Sir Kenneth Mathieson "Kenny" Dalglish MBE (born 4 March 1951) is a Scottish former football player and manager. In a career spanning 22 years, he played for Celtic and Liverpool, winning numerous honours with both. He is Scotland's most capped player of all time with 102 appearances, and also Scotland's joint-leading goal scorer, with 30 goals. Dalglish won the Ballon d'Or Silver Award in 1983, the PFA Player of the Year in 1983, and the FWA Footballer of the Year in 1979 and 1983. In 2009 FourFourTwo named Dalglish as the greatest striker in post-war British football, and in 2006 he topped a Liverpool fans' poll of "100 Players Who Shook the Kop".[1] He has been inducted into both the Scottish and English Football Halls of Fame.

In 1977, Liverpool manager Bob Paisley paid a British transfer record of £440,000 to bring Dalglish to Liverpool from Celtic.

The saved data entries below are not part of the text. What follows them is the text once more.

Lemma ln_2div_le (R : realType) (delta : R) (n : nat) :
  0 < delta < 1 -> ln (1 / delta) < n%:R -> ln (2 / delta) <= 2 * n%:R.
Proof.
move=> /andP[delta0 delta1] ln_lt.
have l1_gt0 : 0 < ln (1 / delta) by apply: ln_gt0; rewrite ltr_pdivlMr // mul1r.
have n_ge1 : 1 <= n%:R :> R by rewrite ler1n -(ltr0n R) (lt_trans l1_gt0).
have ln2 : ln (2 : R) <= 1 by apply: (@le_ln1Dx R 1); lra.
rewrite (_ : 2 / delta = 2 * (1 / delta)); last by rewrite mul1r.
by rewrite lnM ?posrE ?divr_gt0 //; lra.
Qed.

Definition sample_size_factor (R : realType) (beta L C1 : R) : R :=
  1 + C1 ^+ 2 / beta ^+ 2 + 4 * C1 ^+ 2 * (1 + 4 / L) / L.

Lemma sample_size_factor_gt1 (R : realType) (beta L C1 : R) :
  0 < beta -> 0 < L -> 1 < C1 -> 1 < sample_size_factor beta L C1.
Proof.
move=> beta0 L0 C1_gt1.
have : 0 < C1 ^+ 2 / beta ^+ 2 by rewrite divr_gt0 ?exprn_gt0 //; lra.
have : 0 <= 4 * C1 ^+ 2 * (1 + 4 / L) / L.
  have K_ge0 : 0 <= 1 + 4 / L by rewrite addr_ge0 // divr_ge0 // ltW.
  by rewrite divr_ge0 ?(ltW L0) // mulr_ge0 // mulr_ge0 ?sqr_ge0.
rewrite /sample_size_factor; lra.
Qed.

Lemma sqr_shift_small (R : realType) (beta L C1 sigma l1 n dd : R) :
  0 < beta -> 0 < L -> 0 < l1 -> 0 < n -> sample_size_factor beta L C1 * l1 < n ->
  `|dd| <= C1 * sigma * Num.sqrt (l1 / n) ->
  dd ^+ 2 <= beta ^+ 2 * sigma ^+ 2 /\ (1 + 4 / L) * dd ^+ 2 <= L / 4 * sigma ^+ 2.
Proof.
move=> beta0 L0 l10 n0 C2_lt dd_le.
set r := l1 / n; have r0 : 0 < r by rewrite divr_gt0.
have dd2 : dd ^+ 2 <= C1 ^+ 2 * r * sigma ^+ 2.
  rewrite -real_normK ?num_real // (le_trans (lerXn2r _ _ _ dd_le)) ?nnegrE //.
  - exact: le_trans (normr_ge0 dd) dd_le.
  - by rewrite !exprMn (sqr_sqrtr (ltW r0)) mulrAC.
have C2r : (1 + C1 ^+ 2 / beta ^+ 2 + 4 * C1 ^+ 2 * (1 + 4 / L) / L) * r < 1.
  by rewrite /r mulrA ltr_pdivrMr // mul1r.
have K0 : 0 <= 1 + 4 / L by rewrite addr_ge0 // divr_ge0 // ltW.
have C1_2 : 0 <= C1 ^+ 2 by exact: sqr_ge0.
have t_beta : 0 <= C1 ^+ 2 / beta ^+ 2 * r.
  by apply: mulr_ge0 (ltW r0); rewrite divr_ge0 ?sqr_ge0.
have t_L : 0 <= 4 * C1 ^+ 2 * (1 + 4 / L) / L * r.
  by apply: mulr_ge0 (ltW r0); apply: divr_ge0 (ltW L0); rewrite mulr_ge0 // mulr_ge0.
have small_beta : C1 ^+ 2 * r <= beta ^+ 2.
  have : C1 ^+ 2 / beta ^+ 2 * r <= 1 by lra.
  by rewrite mulrAC ler_pdivrMr ?exprn_gt0 // mul1r.
have small_L : (1 + 4 / L) * (C1 ^+ 2 * r) <= L / 4.
  have : 4 * C1 ^+ 2 * (1 + 4 / L) / L * r <= 1 by lra.
  have -> : 4 * C1 ^+ 2 * (1 + 4 / L) / L * r = (1 + 4 / L) * (C1 ^+ 2 * r) / (L / 4).
    by field; rewrite gt_eqF.
  by rewrite ler_pdivrMr ?divr_gt0 // mul1r.
split.
- by apply: le_trans dd2 _; rewrite ler_wpM2r ?sqr_ge0.
- apply: le_trans (ler_wpM2l K0 dd2) _.
  by rewrite mulrA ler_wpM2r ?sqr_ge0.
Qed.

Theorem lemma14 (R : realType) (beta L C1 : R) :
  beta < 1 / 16 -> 16 * beta < L -> 1 < C1 ->
  exists C2 : R, 1 < C2 /\
  forall (d : measure_display) (Omega : measurableType d)
    (P : probability Omega R) (D : probability R R)
    (n : nat) (X : 'I_n -> {RV P >-> R}) (delta sigma mu mu0 : R),
    0 < delta < 1 ->
    C2 * ln (1 / delta) < n%:R ->
    0 < sigma ->
    has_mean D mu ->
    var_le D mu sigma ->
    mutually_independent X ->
    identically_distributed X D ->
    `|mu0 - mu| <= C1 * sigma * Num.sqrt (ln (1 / delta) / n%:R) ->
    inlier_light D mu sigma n delta (4 * beta) (4 * L) ->
    (P [set w | test_B (fun i => X i w) mu0 sigma delta beta
                <= (1 - 2 * L) * sigma ^+ 2]%R >= (1 - delta)%:E)%E.
Proof.
move=> _ betaL C1_gt1.
have [beta_le0|beta_gt0] := lerP beta 0.
  exists 2; split=> [|d Omega P D n X delta sigma mu mu0 /andP[delta0 _] _ sigma_gt0];
    first lra.
  move=> _ _ _ _ _ inl.
  by rewrite (test_B_accepts_surely _ _ beta_le0 sigma_gt0 inl) lee_fin; lra.
have L_gt0 : 0 < L by lra.
have C2_gt1 := sample_size_factor_gt1 beta_gt0 L_gt0 C1_gt1.
exists (sample_size_factor beta L C1); split=> //.
move=> d Omega P D n X delta sigma mu mu0 delta01 n_big sigma_gt0 _ var_D X_indep X_id
  shift inl.
have L_lt : L < 1 / 4 by have := inlier_light_lt1 inl; lra.
have l1_gt0 : 0 < ln (1 / delta).
  by case/andP: delta01 => delta0 delta1; apply: ln_gt0; rewrite ltr_pdivlMr // mul1r.
have l1_lt : ln (1 / delta) < n%:R.
  by apply: le_lt_trans n_big; rewrite ler_peMl ?(ltW l1_gt0) ?(ltW C2_gt1).
have n_gt0 : 0 < n%:R :> R by exact: lt_trans l1_lt.
have [shift_beta shift_L] := sqr_shift_small beta_gt0 L_gt0 l1_gt0 n_gt0 n_big shift.
apply: (test_B_accepts (D := D) (mu := mu)) => //; first by rewrite -(ltr0n R).
exact: ln_2div_le.
Qed.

His years at Liverpool were among the club's most successful periods, as he won six Football League First Divisions, two FA Cups, four League Cups, seven FA Charity Shields, three European Cups and one UEFA Super Cup. For these achievements and his style of play he was given the name King Kenny by Liverpool supporters. Dalglish became player-manager of Liverpool in 1985 after the resignation of Joe Fagan, winning a further three First Divisions, two FA Cups and four FA Charity Shields, before resigning from Liverpool in 1991.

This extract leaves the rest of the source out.